→ **SUPPLIED RECORDS**:
◆ ◆ ◆ ◆ ◆ ◆ ◆
Lemma nth_inv_coefs f n i : (i <= n)%N -> nth 0 (inv_coefs f n) i = fps_inv1 f i.
Proof.
elim: n => [|n IH] le_in; first by case: i le_in.
rewrite leq_eqVlt in le_in; case/orP: le_in => [/eqP -> //|lt_in].
by rewrite /= nth_rcons size_inv_coefs lt_in IH.
Qed.

Lemma fps_inv1S f n :
  fps_inv1 f n.+1 = - \sum_(i < n.+1) f (n.+1 - i)%N * fps_inv1 f i.
Proof.
rewrite {1}/fps_inv1 /= nth_rcons size_inv_coefs ltnn eqxx.
by congr (- _); apply: eq_bigr => i _; rewrite nth_inv_coefs // -ltnS.
Qed.

Lemma fps_mul_inv1 f : f 0%N = 1 -> fps_mul f (fps_inv1 f) = fps_one R.
Proof.
move=> f0; apply: functional_extensionality => -[|k].
  by rewrite /fps_mul big_ord1 f0 mul1r.
rewrite /fps_mul big_ord_recl f0 mul1r subn0 fps_inv1S (reindex_inj rev_ord_inj).
rewrite [X in - X](eq_bigr (fun i : 'I_k.+1 => f (bump 0 i) * fps_inv1 f (k.+1 - bump 0 i)%N)).
  by rewrite addNr.
by move=> i _; rewrite /bump /=; congr (f _ * fps_inv1 f _); have := ltn_ord i; lia.
Qed.

Lemma fps_inv1_unique f g :
  f 0%N = 1 -> fps_mul f g = fps_one R -> g = fps_inv1 f.
Proof.
move=> f0 fg1.
by rewrite -[g]fps_mulr1 -(fps_mul_inv1 f0) fps_mulA [fps_mul g f]fps_mulC fg1 fps_mul1.
Qed.

Lemma qpoch_zS (a q : R) n :
  qpoch_z a q n.+1 = fps_mul (qpoch_z a q n) (fps_lin (a * q ^+ n)).
Proof.
rewrite /qpoch_z -addn1 iotaD map_cat foldr_cat /= add0n fps_mulr1.
elim: (map _ _) => [|h s IH] /=; first by rewrite fps_mul1.
by rewrite IH fps_mulA.
Qed.

Lemma qpoch_z_coef0 (a q : R) n : qpoch_z a q n 0%N = 1.
Proof.
by elim: n => [|n IH]; rewrite ?qpoch_zS ?fps_mul_linE ?IH.
Qed.

End PowerSeries.

Section PochhammerRatio.
Variables (R : comNzRingType) (q t : R).
Local Notation F := (poch_ratio q t).

Lemma poch_ratio0 : F 0 = fps_one R.
Proof.
rewrite /poch_ratio /qpoch_z /= fps_mul1.
by rewrite -[RHS](fps_mul_inv1 (f := fps_one R)) ?fps_mul1.
Qed.

Lemma poch_ratio_mul_lin n :
  fps_mul (F n.+1) (fps_lin (q * q ^+ n)) = fps_mul (F n) (fps_lin (- (t * q) * q ^+ n)).
Proof.
have inv_step : fps_inv1 (qpoch_z q q n) =
    fps_mul (fps_inv1 (qpoch_z q q n.+1)) (fps_lin (q * q ^+ n)).
  apply/esym/fps_inv1_unique; first exact: qpoch_z_coef0.
  rewrite [fps_mul (fps_inv1 _) _]fps_mulC fps_mulA -qpoch_zS.
  by rewrite fps_mul_inv1 // qpoch_z_coef0.
rewrite /poch_ratio inv_step qpoch_zS -!fps_mulA; congr fps_mul.
by rewrite fps_mulC -fps_mulA [fps_mul (fps_lin _) _]fps_mulC.
Qed.

Lemma poch_ratio_coefS n k :
  F n.+1 k.+1 = F n k.+1 + q ^+ n.+1 * (F n.+1 k + t * F n k).
Proof.
have := congr1 (fun f => f k.+1) (poch_ratio_mul_lin n); rewrite /= !fps_mul_linE.
by move/(congr1 (fun x => x + q * q ^+ n * F n.+1 k)); rewrite subrK exprS => ->; ring.
Qed.

Lemma poch_ratio_coef0 n : F n 0%N = 1.
Proof.
elim: n => [|n IH]; first by rewrite poch_ratio0.
by have := congr1 (fun f => f 0%N) (poch_ratio_mul_lin n); rewrite /= !fps_mul_linE IH.
Qed.

End PochhammerRatio.

Section FfunSnoc.
Variables (X : Type) (c : nat).

Definition ffun_snoc (p : X * {ffun 'I_c -> X}) : {ffun 'I_c.+1 -> X} :=
  [ffun i => if unlift ord_max i is Some j then p.2 j else p.1].

Lemma ffun_snoc_bij : bijective ffun_snoc.
Proof.
exists (fun f : {ffun 'I_c.+1 -> X} => (f ord_max, [ffun j => f (lift ord_max j)])).
  move=> [x g]; rewrite /ffun_snoc /= ffunE unlift_none; congr (_, _).
  by apply/ffunP => j; rewrite !ffunE liftK.
move=> f; apply/ffunP => i; rewrite /ffun_snoc ffunE /=.
by case: (unliftP ord_max i) => [j ->|->]; rewrite ?ffunE.
Qed.

Lemma ffun_snoc_lift p (j : 'I_c) : ffun_snoc p (lift ord_max j) = p.2 j.
Proof. by rewrite /ffun_snoc ffunE liftK. Qed.

Lemma ffun_snoc_max p : ffun_snoc p ord_max = p.1.
Proof. by rewrite /ffun_snoc ffunE unlift_none. Qed.

Lemma sum_ffun_snoc (G : nat -> X -> nat) p :
  (\sum_(i < c.+1) G i (ffun_snoc p i) = \sum_(i < c) G i (p.2 i) + G c p.1)%N.
Proof.
rewrite big_ord_recr /= ffun_snoc_max; congr (_ + _)%N; apply: eq_bigr => i _.
have -> : widen_ord (leqnSn c) i = lift ord_max i by apply/val_inj/esym/lift_max.
by rewrite ffun_snoc_lift.
Qed.

Lemma forall_ffun_snoc (P : pred X) p :
  [forall i, P (ffun_snoc p i)] = [forall j, P (p.2 j)] && P p.1.
Proof.
apply/forallP/andP => [allP|[/forallP allP Pp1] i].
  split; last by have := allP ord_max; rewrite ffun_snoc_max.
  by apply/forallP => j; have := allP (lift ord_max j); rewrite ffun_snoc_lift.
by case: (unliftP ord_max i) => [j ->|->]; rewrite ?ffun_snoc_lift ?ffun_snoc_max.
Qed.

End FfunSnoc.

Section Overpartitions.
Variables (R : comNzRingType) (q t : R).

(* Choose the multiplicity m of the part size c; if m > 0, its last
   occurrence may be overlined. *)
Fixpoint ovp_gen (c b : nat) : R :=
  if c is c'.+1 then
    \sum_(m < b.+1) (if m == 0%N :> nat then 1 else 1 + t) * q ^+ (c * m) * ovp_gen c' (b - m)
  else 1.

Lemma ovp_gen_c0 c : ovp_gen c 0 = 1.
Proof. by elim: c => //= c IH; rewrite big_ord1 muln0 expr0 !mul1r IH. Qed.

Lemma ovp_genS c b :
  ovp_gen c.+1 b.+1 = ovp_gen c b.+1 + q ^+ c.+1 * (ovp_gen c.+1 b + t * ovp_gen c b).
Proof.
rewrite /= big_ord_recl muln0 expr0 !mul1r subn0; congr (_ + _).
rewrite big_ord_recl [in RHS]big_ord_recl /= !muln0 !muln1 expr0 subn0 subn1 /=.
rewrite (eq_bigr (fun i : 'I_b => q ^+ c.+1 *
    ((1 + t) * q ^+ (c.+1 * bump 0 i) * ovp_gen c (b - bump 0 i)))) => [|i _].
  by rewrite -big_distrr /=; ring.
by rewrite /bump /= subSS (mulnSr c.+1) addnC exprD; ring.
Qed.

Section Counting.
Variables (c B : nat).
Local Notation X := ('I_B.+1 * bool)%type.
Implicit Types (b : nat) (f : {ffun 'I_c -> X}).

Definition ovp_fit b f : bool :=
  ((\sum_(i < c) ((f i).1 : nat)) <= b)%N && [forall i, (f i).2 ==> (0 < (f i).1)%N].
Definition ovp_weight f : nat := \sum_(i < c) (i.+1 * (f i).1)%N.
Definition ovp_novl f : nat := \sum_(i < c) ((f i).2 : nat).

(* With the multiplicity bound B fixed in the type, the bound b on the number
   of parts can decrease along the recursion. *)
Definition ovp_sum b : R := \sum_(f | ovp_fit b f) t ^+ ovp_novl f * q ^+ ovp_weight f.

End Counting.

Lemma ovp_fit_snoc c B b (x : 'I_B.+1 * bool) (g : {ffun 'I_c -> 'I_B.+1 * bool}) :
  ovp_fit b (ffun_snoc (x, g))
  = ((x.1 <= b)%N && (x.2 ==> (0 < x.1)%N)) && ovp_fit (b - x.1) g.
Proof.
rewrite /ovp_fit (sum_ffun_snoc (fun _ (y : 'I_B.+1 * bool) => (y.1 : nat))).
rewrite (forall_ffun_snoc (fun y : 'I_B.+1 * bool => y.2 ==> (0 < y.1)%N)) /=.
case: (leqP x.1 b) => [le_xb|lt_bx] /=.
  rewrite -[(_ <= b - x.1)%N](leq_add2r x.1) subnK //.
  by case: (_ ==> _); rewrite ?andbT ?andbF.
by rewrite leqNgt (leq_trans lt_bx) ?leq_addl.
Qed.

Lemma ovp_monom_snoc c B (x : 'I_B.+1 * bool) (g : {ffun 'I_c -> 'I_B.+1 * bool}) :
  t ^+ ovp_novl (ffun_snoc (x, g)) * q ^+ ovp_weight (ffun_snoc (x, g))
  = t ^+ x.2 * q ^+ (c.+1 * x.1) * (t ^+ ovp_novl g * q ^+ ovp_weight g).
Proof.
rewrite /ovp_novl /ovp_weight (sum_ffun_snoc (fun _ (y : 'I_B.+1 * bool) => (y.2 : nat))).
by rewrite (sum_ffun_snoc (fun i (y : 'I_B.+1 * bool) => i.+1 * y.1)%N) !exprD; ring.
Qed.

Lemma ovp_sum0 B b : ovp_sum 0 B b = 1.
Proof.
rewrite /ovp_sum (big_pred1 [ffun=> (ord0, false)]) => [|f].
  by rewrite /ovp_novl /ovp_weight !big_ord0 mulr1.
rewrite /ovp_fit big_ord0 /=.
have -> : f == [ffun=> (ord0, false)] by apply/eqP/ffunP => -[].
by apply/forallP => -[].
Qed.

Lemma ovp_sumS c B b : (b <= B)%N ->
  ovp_sum c.+1 B b = \sum_(m < b.+1)
    (if m == 0%N :> nat then 1 else 1 + t) * q ^+ (c.+1 * m) * ovp_sum c B (b - m).
Proof.
move=> le_bB; rewrite /ovp_sum (reindex (@ffun_snoc _ c)); last first.
  exact: onW_bij (@ffun_snoc_bij _ c).
rewrite (eq_bigl _ _ (fun p => ovp_fit_snoc b p.1 p.2)).
under eq_bigr => p _ do rewrite ovp_monom_snoc.
rewrite -(pair_big_dep (fun x : 'I_B.+1 * bool => (x.1 <= b)%N && (x.2 ==> (0 < x.1)%N))
  (fun x g => ovp_fit (b - x.1) g)
  (fun x g => t ^+ x.2 * q ^+ (c.+1 * x.1) * (t ^+ ovp_novl g * q ^+ ovp_weight g))) /=.
under eq_bigr => x _ do rewrite -big_distrr /=.
rewrite -(pair_big_dep (fun m : 'I_B.+1 => (m <= b)%N) (fun m (o : bool) => o ==> (0 < m)%N)
  (fun m o => t ^+ o * q ^+ (c.+1 * m) * ovp_sum c B (b - m))) /=.
rewrite (big_ord_widen B.+1 (fun m => (if m == 0%N :> nat then 1 else 1 + t)
  * q ^+ (c.+1 * m) * ovp_sum c B (b - m))) // ; apply: eq_bigr => m _.
by rewrite big_mkcond big_bool /=; case: (posnP m) => [->|m_gt0] /=; ring.
Qed.

Lemma ovp_sum_gen c B b : (b <= B)%N -> ovp_sum c B b = ovp_gen c b.
Proof.
elim: c b => [|c IH] b le_bB; first by rewrite ovp_sum0.
rewrite ovp_sumS //=; apply: eq_bigr => m _.
by rewrite IH // (leq_trans (leq_subr m b)).
Qed.

Lemma obinom_ovp_gen a b : (b <= a)%N -> obinom q t a b = ovp_gen (a - b) b.
Proof. by move=> le_ba; rewrite /obinom le_ba -(ovp_sum_gen (a - b) (leqnn b)). Qed.

End Overpartitions.

Lemma sum_ord_double (V : nmodType) (f : nat -> V) N :
  \sum_(j < N.*2) f j = \sum_(m < N) (f (2 * m)%N + f (2 * m).+1).
Proof.
elim: N => [|N IH]; first by rewrite !big_ord0.
by rewrite doubleS !big_ord_recr /= IH -mul2n addrA.
Qed.

Definition halfS (r j : nat) : nat := ((j + r)./2).+1.
Arguments halfS : simpl never.

Lemma halfSS r j : halfS r j.+1 = halfS r.+1 j.
Proof. by rewrite /halfS addSn addnS. Qed.

Lemma halfS_ge r j : (halfS r 0 <= halfS r j)%N.
Proof. by rewrite /halfS ltnS half_leq // leq_add2r. Qed.

Lemma halfS01 r : (halfS r 0 <= halfS r 1 <= (halfS r 0).+1)%N.
Proof. by rewrite halfS_ge /halfS !ltnS add0n add1n /= uphalf_half; case: odd. Qed.

Lemma halfS_gt r n : (n.*2 <= r)%N -> (n < halfS r 0)%N.
Proof. by rewrite /halfS ltnS add0n geq_half_double. Qed.

Lemma halfS0_even m : halfS 0 (2 * m) = m.+1.
Proof. by rewrite /halfS addn0 mul2n doubleK. Qed.

Lemma halfS0_odd m : halfS 0 (2 * m).+1 = m.+1.
Proof. by rewrite /halfS addn0 mul2n /= uphalf_double. Qed.

Section ShiftedIdentity.
Variables (R : comNzRingType) (q t : R).
Local Notation F := (poch_ratio q t).
Local Notation G := (ovp_gen q t).

Lemma if_leqS (a n : nat) (x : R) :
  (if (a <= n.+1)%N then x else 0) = (if (a <= n)%N then x else 0) + (if a == n.+1 then x else 0).
Proof.
case: (ltngtP a n.+1) => [lt_an|lt_na|->]; rewrite ?ltnn ?add0r ?addr0 //.
  by rewrite -ltnS lt_an.
by rewrite leqNgt ltnW.
Qed.

Definition ovp_gen_prev (c j : nat) : R := if j is j'.+1 then G c j' else 0.

Lemma ovp_gen_prevS c j : ovp_gen_prev c.+1 j.+1
  = ovp_gen_prev c j.+1 + q ^+ c.+1 * (ovp_gen_prev c.+1 j + t * ovp_gen_prev c j).
Proof.
case: j => [|j]; last exact: ovp_genS.
by rewrite /ovp_gen_prev !ovp_gen_c0; ring.
Qed.

Lemma ovp_gen_prevE c j : (0 < j)%N -> ovp_gen_prev c j = G c j.-1.
Proof. by case: j. Qed.

(* The coefficient of z^k in the j-th term of T_r(n), with halfS r j = a_j.
   The guard a_j <= n is needed because of truncated subtraction; for r = 0,
   even j = 2m gives the first sum of the theorem and odd j = 2m + 1 the
   last two. *)
Definition shifted_coef (r n k j : nat) : R :=
  if (halfS r j <= n)%N && (j <= k)%N then
    q ^+ (j * halfS r j) * (G (n - halfS r j)%N j * F (halfS r j.+1).-1 (k - j)%N
      + t * ovp_gen_prev (n - halfS r j)%N j * F (halfS r j).-1 (k - j)%N)
  else 0.

Definition shifted_sum (r n k : nat) : R := \sum_(j < k.+1) shifted_coef r n k j.

Lemma shifted_coef0 r n k :
  shifted_coef r n k 0 = if (halfS r 0 <= n)%N then F (halfS r 1).-1 k else 0.
Proof.
by rewrite /shifted_coef andbT; case: ifP => // _; rewrite ovp_gen_c0 subn0 mul0n /=; ring.
Qed.

Lemma shifted_coef_gt r n k j : (k < j)%N -> shifted_coef r n k j = 0.
Proof. by move=> lt_kj; rewrite /shifted_coef (leqNgt j k) lt_kj andbF. Qed.

Lemma shifted_coef_out r n k j : (n < halfS r j)%N -> shifted_coef r n k j = 0.
Proof. by move=> lt_na; rewrite /shifted_coef leqNgt lt_na. Qed.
◆ ◆ ◆ ◆ ◆ ◆ ◆
→ **WORK TASK**:
Copy back the listing above exactly, but only from the line with "split; last by" through the line with "if c is c'.+1 then", both ends included.

→ **TASK ANSWER**:
  split; last by have := allP ord_max; rewrite ffun_snoc_max.
  by apply/forallP => j; have := allP (lift ord_max j); rewrite ffun_snoc_lift.
by case: (unliftP ord_max i) => [j ->|->]; rewrite ?ffun_snoc_lift ?ffun_snoc_max.
Qed.

End FfunSnoc.

Section Overpartitions.
Variables (R : comNzRingType) (q t : R).

(* Choose the multiplicity m of the part size c; if m > 0, its last
   occurrence may be overlined. *)
Fixpoint ovp_gen (c b : nat) : R :=
  if c is c'.+1 then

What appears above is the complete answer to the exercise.